Закончив свой рассказ, Владимир Константинович, устало откинулся на землю, а потом приподнялся и спросил:

— Ну, кто наследник?

— Оставим выявление наследника до лучших времён, — сказал Афанасий. — Что было дальше?

— Как я уже говорил, самого главного, на что ссылался поручик, то есть пергамента в детской комнате обнаружено не было и все посчитали, что письмо — бред умирающего человека, чей мозг отравлен алкоголем, хотя прапрадедушка знал из рассказов самого Порфирия, что тот был якобы в скиту. Но и этот рассказ сочли за плод пьяной фантазии, поврежденности ума дяди.

— Но письмо все-таки сохранили! — воскликнула Ольга. — Значит, доля веры была.

— Не знаю, — ответил Владимир Константинович. — Думаю, его берегли, как память о сумасшедшем предке.

— Ну и как же ты пришёл к выводу, что дядюшка не врал, отправляя наследнику письмо? — спросил Николай.

— Оно меня всегда интересовало, начиная с детских лет.
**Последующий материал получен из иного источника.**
(* Let $n\ge1$, $K\ge1$ and $p_n\in[0,1]$. Let $(\mathcal{G}(n),\mathcal{A}_1(n),\dots,\mathcal{A}_K(n))$ be the output of the Tetris exploration algorithm, and let $\mathcal{N}_i(n)=\{v:h_v(n)=i\}$ be the sets of vertices at height $i$ in the final state of the Tetris model on $G(n,p_n)$ (both described in the context). Then the joint distribution of $(\mathcal{G}(n),\mathcal{A}_1(n),\dots,\mathcal{A}_K(n))$ is identical to that of $(G(n,p_n),\mathcal{N}_1(n),\dots,\mathcal{N}_K(n))$.
   Context: $G(n,p_n)$ is the Erdős–Rényi random graph on $[n]$ with independent edge probability $p_n$. Tetris model: given a realization of $G(n,p_n)$, set $h_v(0)=0$ for all $v$. At step $t+1$ a vertex $u$ is chosen uniformly at random among vertices not selected before; letting $m=\max\{h_w(t):w \text{ a neighbour of } u\}$ (with $m=0$ if $u$ has no neighbours), set $h_u(t+1)=m+1$ if $m<K$ and $h_u(t+1)=0$ otherwise; all other heights are unchanged. Tetris exploration algorithm: maintain $\mathcal{A}_k(t)$ (explored vertices at height $k$, $0\le k\le K$; height 0 meaning frozen) and unexplored set $\mathcal{U}(t)$, initially $\mathcal{A}_k(0)=\varnothing$, $\mathcal{U}(0)=[n]$; $\mathcal{A}(t)=\bigcup_{k=0}^K\mathcal{A}_k(t)$. At step $t+1$, select $v\in\mathcal{U}(t)$ uniformly at random, remove it from $\mathcal{U}$, and join it to each vertex of $\mathcal{A}(t)$ independently with probability $p_n$. Let $j$ be the maximal height among the vertices of $\mathcal{A}(t)$ joined to $v$ ($j=0$ if none). If $j\le K-1$, $v$ receives height $j+1$ (joins $\mathcal{A}_{j+1}$); otherwise $v$ receives height $0$ (joins $\mathcal{A}_0$). After $n$ steps the algorithm outputs $(\mathcal{A}_1(n),\dots,\mathcal{A}_K(n))$ and the graph $\mathcal{G}(n)$ on $[n]$ of all edges added. *)

(* Discrete probability: distributions are given by their
   probability mass functions on finite outcome types. *)
From HB Require Import structures.
From mathcomp Require Import all_boot all_order all_algebra.
From mathcomp Require Import reals.
Set Implicit Arguments. Unset Strict Implicit. Unset Printing Implicit Defensive.
Import Order.TTheory GRing.Theory Num.Theory.
Local Open Scope ring_scope.

Section Tetris.
Variables (R : realType) (n K : nat) (p : R).

(* vertices: 'I_n ; heights: 'I_K.+1 (height 0 = frozen / not yet placed) *)
Definition heights := {ffun 'I_n -> 'I_K.+1}.
Definition h0 : heights := [ffun=> ord0].

(* a simple graph on [n] is a set of 2-element subsets of [n] *)
Definition pairs : {set {set 'I_n}} := [set e : {set 'I_n} | #|e| == 2%N].
Definition graph := {set {set 'I_n}}.

(* outcome: (graph, (set of vertices at height i)_{i=1..K}); index i : 'I_K
   stands for height i+1 *)
Definition outcome := (graph * {ffun 'I_K -> {set 'I_n}})%type.
Definition level_sets (h : heights) : {ffun 'I_K -> {set 'I_n}} :=
  [ffun i : 'I_K => [set v | (h v : nat) == i.+1]].

Definition gnp_pmf (E : graph) : R :=
  if E \subset pairs then \prod_(e in pairs) (if e \in E then p else 1 - p)
  else 0.

Definition new_height (m : nat) : 'I_K.+1 :=
  if (m < K)%N then inord m.+1 else ord0.

Definition tet_update (E : graph) (h : heights) (u : 'I_n) : heights :=
  let m := (\max_(w | [set u; w] \in E) (h w : nat))%N in
  [ffun v => if v == u then new_height m else h v].

(* probability, starting from unselected set U and heights h, with k steps
   remaining, that the final level sets equal A *)
Fixpoint tet_run (E : graph) (k : nat) (U : {set 'I_n}) (h : heights)
    (A : {ffun 'I_K -> {set 'I_n}}) : R :=
  match k with
  | 0 => ((level_sets h == A) : nat)%:R
  | k'.+1 => \sum_(u in U) (#|U|%:R)^-1 * tet_run E k' (U :\ u) (tet_update E h u) A
  end.

Definition tetris_pmf (o : outcome) : R :=
  gnp_pmf o.1 * tet_run o.1 n setT h0 o.2.

(* state: unexplored set U, heights h of explored vertices (explored set is
   ~: U, A_k(t) = explored vertices of height k), edges E added so far. *)
Fixpoint alg_run (k : nat) (U : {set 'I_n}) (h : heights) (E : graph)
    (o : outcome) : R :=
  match k with
  | 0 => (((E, level_sets h) == o) : nat)%:R
  | k'.+1 =>
      \sum_(v in U) (#|U|%:R)^-1 *
        \sum_(S : {set 'I_n} | S \subset ~: U)
          p ^+ #|S| * (1 - p) ^+ (#|~: U| - #|S|) *
          alg_run k' (U :\ v)
            [ffun w => if w == v then new_height (\max_(x in S) (h x : nat))%N
                       else h w]
            (E :|: [set [set v; w] | w in S]) o
  end.

Definition alg_pmf (o : outcome) : R := alg_run n setT h0 set0 o.

End Tetris.

From HB Require Import structures.
From mathcomp Require Import all_boot all_order all_algebra.
From mathcomp Require Import reals.
Set Implicit Arguments. Unset Strict Implicit. Unset Printing Implicit Defensive.
Import Order.TTheory GRing.Theory Num.Theory.
Local Open Scope ring_scope.

(* Fix the final graph E.  In a state of the algorithm with unexplored set U,
   edges E0 among the explored vertices and heights vanishing on U, the only
   choice of the random neighbourhood S of the newly explored vertex v that can
   still lead to E is S = the explored E-neighbours of v, and its probability is
   exactly the G(n,p) weight of the pairs from v to the explored vertices.
   Moreover, as unexplored vertices have height 0, the new height of v computed
   from S is the one the Tetris model computes from all E-neighbours of v.
   By induction on |U| the probability of the output (E, A) thus factors as
   [E agrees with E0 on explored pairs] * (G(n,p) weight of the pairs meeting U)
   * (Tetris probability of A on E from the same state); from the initial state
   this is gnp_pmf E * tet_run E. *)

Section ExploredPairs.
Variable n : nat.
Local Notation V := 'I_n.

Definition explored_pairs (U : {set V}) : {set {set V}} :=
  [set e in pairs n | e \subset ~: U].

Definition star (v : V) (S : {set V}) : {set {set V}} := [set [set v; w] | w in S].

Lemma set2_inj (v : V) : injective (fun w : V => [set v; w]).
Proof.
move=> w1 w2 /= e12.
have : w1 \in [set v; w2] by rewrite -e12 !inE eqxx orbT.
rewrite !inE => /orP [/eqP w1v|/eqP //].
have : w2 \in [set v; w1] by rewrite e12 !inE eqxx orbT.
by rewrite !inE w1v orbb => /eqP ->.
Qed.

Lemma mem_star (v w : V) (S : {set V}) : ([set v; w] \in star v S) = (w \in S).
Proof. by apply/imsetP/idP => [[w' w'S /set2_inj ->] | wS] //; exists w. Qed.

Lemma explored_pairsD1 (U : {set V}) (v : V) (e : {set V}) :
  e \in explored_pairs U -> e \in explored_pairs (U :\ v).
Proof.
rewrite !inE => /andP [-> /subsetP eU] /=; apply/subsetP => x /eU.
by rewrite !inE negb_and => ->; rewrite orbT.
Qed.

Lemma star_explored_pairs (U : {set V}) (v w : V) : v \in U -> w \in ~: U ->
  [set v; w] \in explored_pairs (U :\ v) /\ [set v; w] \notin explored_pairs U.
Proof.
move=> vU; rewrite inE => wU.
have vw : v != w by apply: contraNneq wU => <-.
split; first by rewrite !inE cards2 vw /= subUset !sub1set !inE eqxx (negbTE wU) andbF.
rewrite inE negb_and; apply/orP; right; apply/negP => /subsetP /(_ v).
by rewrite !inE eqxx vU => /(_ isT).
Qed.

Lemma explored_pairsD1_star (U : {set V}) (v : V) (e : {set V}) :
  e \in explored_pairs (U :\ v) -> e \notin explored_pairs U ->
  exists2 w, w \in ~: U & e = [set v; w].
Proof.
rewrite !inE => /andP [/cards2P [x [y [xy ->]]] sub].
rewrite cards2 xy /= => nsub.
move: sub; rewrite subUset !sub1set !inE !negb_and !negbK => /andP [hx hy].
have [xU|xU] := boolP (x \in U); last first.
  have [yU|yU] := boolP (y \in U); last by move: nsub; rewrite subUset !sub1set !inE xU yU.
  move: hy; rewrite yU orbF => /eqP yv.
  by exists x; rewrite ?inE // yv setUC.
move: hx; rewrite xU orbF => /eqP xv.
exists y; last by rewrite xv.
rewrite inE; apply/negP => yU; move: hy; rewrite yU orbF => /eqP yv.
by move: xy; rewrite xv yv eqxx.
Qed.

Lemma explored_pairsT : explored_pairs [set: V] = set0.
Proof.
apply/setP => e; rewrite !inE setCT subset0.
by apply/negP => /andP [/eqP e2 /eqP e0]; rewrite e0 cards0 in e2.
Qed.

Lemma explored_pairs0 : explored_pairs set0 = pairs n.
Proof. by apply/setP => e; rewrite !inE setC0 subsetT andbT. Qed.

End ExploredPairs.

Section Exploration.
Variables (R : realType) (n K : nat) (p : R).
Local Notation V := 'I_n.

Definition pattern_prob (E : graph n) (D : {set {set V}}) : R :=
  \prod_(e in D) (if e \in E then p else 1 - p).

Definition explored_nbhd (E : graph n) (U : {set V}) (v : V) : {set V} :=
  [set w in ~: U | [set v; w] \in E].

Lemma gnp_pmfE (E : graph n) :
  gnp_pmf p E = (E \subset pairs n)%:R * pattern_prob E (pairs n).
Proof. by rewrite /gnp_pmf; case: (E \subset pairs n); rewrite ?mul1r ?mul0r. Qed.

Lemma explore_edgesE (U : {set V}) (v : V) (S : {set V}) (E0 E : graph n) :
  v \in U -> S \subset ~: U -> E0 \subset explored_pairs U ->
  (E :&: explored_pairs (U :\ v) == E0 :|: star v S) =
  (E :&: explored_pairs U == E0) && (S == explored_nbhd E U v).
Proof.
move=> vU SU /subsetP E0U.
have starU e : e \in star v S -> e \notin explored_pairs U.
  by case/imsetP => w wS ->; case: (star_explored_pairs vU (subsetP SU w wS)).
have E0F e : e \notin explored_pairs U -> (e \in E0) = false.
  by move=> eU; apply: contraNF eU => /E0U.
have oldE e : e \in explored_pairs U ->
    (e \in E0 :|: star v S) = (e \in E0).
  by move=> eU; rewrite in_setU; case: (boolP (e \in star v S)) => [/starU|];
    rewrite ?eU ?orbF.
apply/eqP/andP => [/setP EE0 | [/eqP/setP EU /eqP SN]]; first split.
- apply/eqP/setP => e; rewrite inE.
  case eU: (e \in explored_pairs U); last by rewrite andbF E0F ?eU.
  by rewrite -oldE // -EE0 inE explored_pairsD1.
- apply/eqP/setP => w; rewrite inE.
  have [wU|wU] /= := boolP (w \in ~: U); last first.
    by apply: contraNF wU => /(subsetP SU).
  have [newp oldp] := star_explored_pairs vU wU.
  by move: (EE0 [set v; w]); rewrite in_setI in_setU newp andbT E0F // mem_star => ->.
apply/setP => e; rewrite in_setI in_setU.
case eU: (e \in explored_pairs U).
  by rewrite explored_pairsD1 // andbT -in_setU oldE // -EU inE eU andbT.
rewrite E0F ?eU //=.
case eU': (e \in explored_pairs (U :\ v)); last first.
  rewrite andbF; apply/esym/imsetP => -[w wS ew].
  by case: (star_explored_pairs vU (subsetP SU w wS)); rewrite -ew eU'.
have [w wU ->] := explored_pairsD1_star eU' (negbT eU).
by rewrite andbT mem_star SN inE wU.
Qed.

Lemma pattern_prob_explore (U : {set V}) (v : V) (E : graph n) : v \in U ->
  pattern_prob E (pairs n :\: explored_pairs U) =
  pattern_prob E (pairs n :\: explored_pairs (U :\ v)) *
  pattern_prob E (star v (~: U)).
Proof.
move=> vU; rewrite /pattern_prob (bigID (mem (explored_pairs (U :\ v)))) /= mulrC.
congr (_ * _); apply: eq_bigl => e; rewrite !in_setD.
  have [eU'|eU'] /= := boolP (e \in explored_pairs (U :\ v)); first by rewrite andbF.
  by rewrite andbT andb_idl // => _; apply: contraNN eU'; apply: explored_pairsD1.
apply/idP/idP => [/andP [/andP [eU _] eU'] | /imsetP [w wU ->]].
  by have [w wU ->] := explored_pairsD1_star eU' eU; rewrite mem_star.
have [newp oldp] := star_explored_pairs vU wU.
by rewrite newp oldp andbT; move: newp; rewrite inE => /andP [].
Qed.

Lemma pattern_prob_star (U : {set V}) (v : V) (E : graph n) :
  pattern_prob E (star v (~: U)) =
  p ^+ #|explored_nbhd E U v| * (1 - p) ^+ (#|~: U| - #|explored_nbhd E U v|).
Proof.
rewrite /pattern_prob big_imset /=; last by move=> x y _ _; apply: set2_inj.
rewrite (bigID (fun w => [set v; w] \in E)) /=.
rewrite (eq_bigr (fun _ => p)); last by move=> w /andP [_ ->].
rewrite [X in _ * X](eq_bigr (fun _ => 1 - p)); last by move=> w /andP [_ /negbTE ->].
rewrite !prodr_const.
have cardN : #|explored_nbhd E U v| = #|[pred w in ~: U | [set v; w] \in E]|.
  by apply: eq_card => w; rewrite !inE.
have := cardID [pred w | [set v; w] \in E] (~: U).
rewrite -cardN => <-; rewrite addKn.
by congr (_ * _); congr (_ ^+ _); apply: eq_card => w; rewrite !inE unfold_in /= inE andbC.
Qed.

Lemma explore_heightsE (U : {set V}) (v : V) (E : graph n) (h : heights n K) :
  {in U, forall w, h w = ord0} ->
  [ffun w => if w == v then
     new_height K (\max_(x in explored_nbhd E U v) (h x : nat))%N else h w]
  = tet_update E h v.
Proof.
move=> hU; apply/ffunP => w; rewrite !ffunE.
case: ifP => // _; congr new_height.
rewrite big_mkcond [RHS]big_mkcond; apply: eq_bigr => x _; rewrite !inE.
by case: (boolP (x \in U)) => [xU|] //=; rewrite hU //; case: ifP.
Qed.

Lemma alg_run_done (h : heights n K) (E0 E : graph n) A :
  E0 \subset pairs n ->
  alg_run p 0 set0 h E0 (E, A) =
  ((E \subset pairs n) && (E :&: explored_pairs set0 == E0))%:R *
  pattern_prob E (pairs n :\: explored_pairs set0) * tet_run R E 0 set0 h A.
Proof.
move=> E0pairs; rewrite explored_pairs0 setDv /pattern_prob big_set0 mulr1 /=.
rewrite xpair_eqE.
have -> : (E0 == E) = (E \subset pairs n) && (E :&: pairs n == E0).
  apply/eqP/andP => [<- | [/setIidPl -> /eqP //]].
  by split; last apply/eqP/setIidPl.
by rewrite -natrM mulnb.
Qed.

Lemma alg_run_factor (k : nat) (U : {set V}) (h : heights n K) (E0 E : graph n) A :
  #|U| = k -> {in U, forall w, h w = ord0} -> E0 \subset explored_pairs U ->
  alg_run p k U h E0 (E, A) =
  ((E \subset pairs n) && (E :&: explored_pairs U == E0))%:R *
  pattern_prob E (pairs n :\: explored_pairs U) * tet_run R E k U h A.
Proof.
elim: k U h E0 => [|k IH] U h E0 cardU hU E0U.
  move/eqP: cardU; rewrite cards_eq0 => /eqP U0; rewrite U0 in E0U *.
  by apply: alg_run_done; rewrite -(explored_pairs0 n).
rewrite /= mulr_sumr; apply: eq_bigr => v vU; rewrite mulrCA; congr (_ * _).
set N := explored_nbhd E U v.
set c := (E \subset pairs n) && (E :&: explored_pairs U == E0).
have summandE (S : {set V}) : S \subset ~: U ->
  p ^+ #|S| * (1 - p) ^+ (#|~: U| - #|S|) *
  alg_run p k (U :\ v)
    [ffun w => if w == v then new_height K (\max_(x in S) (h x : nat))%N else h w]
    (E0 :|: star v S) (E, A) =
  (S == N)%:R * (c%:R * pattern_prob E (pairs n :\: explored_pairs U) *
     tet_run R E k (U :\ v) (tet_update E h v) A).
  move=> SU; rewrite IH; first last.
  - rewrite subUset; apply/andP; split.
      by apply/subsetP => e /(subsetP E0U) /(explored_pairsD1 v).
    apply/subsetP => e /imsetP [w wS ->].
    by case: (star_explored_pairs vU (subsetP SU w wS)).
  - by move=> w /setD1P [wv wU]; rewrite ffunE (negbTE wv) hU.
  - by move: cardU; rewrite (cardsD1 v) vU => -[].
  rewrite (explore_edgesE E vU SU E0U).
  have [->|_] := eqVneq S N; last by rewrite !andbF /= !(mulr0, mul0r).
  rewrite !andbT mul1r (explore_heightsE v E hU) (pattern_prob_explore E vU).
  rewrite pattern_prob_star -/N -/c.
  by rewrite mulrA; congr (_ * _); rewrite mulrCA; congr (_ * _); apply: mulrC.
rewrite (eq_bigr _ summandE) (bigD1 N) /=; last first.
  by apply/subsetP => w; rewrite inE => /andP [].
by rewrite eqxx mul1r big1 ?addr0 // => S /andP [_ /negbTE ->]; rewrite mul0r.
Qed.

End Exploration.

Theorem proposition2 (R : realType) (n K : nat) (p : R) :
  (1 <= n)%N -> (1 <= K)%N -> 0 <= p <= 1 ->
  forall o : outcome n K, @alg_pmf R n K p o = @tetris_pmf R n K p o.
Proof.
(* The identity is polynomial in p. *)
move=> _ _ _ [E A]; rewrite /alg_pmf /tetris_pmf /=.
rewrite (@alg_run_factor R n K p n setT) ?cardsT ?card_ord ?sub0set //; last first.
  by move=> w _; rewrite ffunE.
by rewrite explored_pairsT setI0 eqxx andbT setD0 gnp_pmfE.
Qed.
После перестройки я занялся изысканиями, приезжал в бывшее имение поручика, опросил местных жителей, которые подтвердили, что был скит, поработал в архивах, и когда доподлинно убедился, что скит существовал, стал его искать.

Несколько минут участники экспедиции молчали под впечатлением повествования наследника поручика. Прервал молчание Николай, сказав, обращаясь к Владимиру Константиновичу:

— Как видим, ваш старинный дядюшка не сумасшедший. Пергамент действительно существовал, но его каким-то образом выкрали, и ты лишился подтверждения письму…

— Кто знает, — отозвался Владимир Константинович. — Возможно, так и было. Какое это теперь имеет значение.

Было бессмысленно скрывать от Владимира Константиновича правду о том, как попал пергамент в их руки, и Николай поведал ему свою историю:

— Мы нашли пергамент в иконе. Она когда-то принадлежала сосланному в Сибирь в тридцатые годы Антипу Загодину. Он её оставил на сохранение своему батраку, тот по прошествии лет шестидесяти принёс мне икону на реставрацию, не зная, что в ней находится старинная грамота. Его позже убили бандиты, видимо, из шайки Зашитого, который сегодня здесь орудует. Убить-то убили, а икону, которую, искали, не нашли. Узнали, что она у нас. И стали требовать, чтобы мы отдали пергамент. Когда они нас крепко прижали, пришлось отдать. И вот они нашли сундук, а мы остались с носом.

— Так что наша миссия закончена, — разочарованно сказал Сергей. — Можно собирать манатки и мотать домой.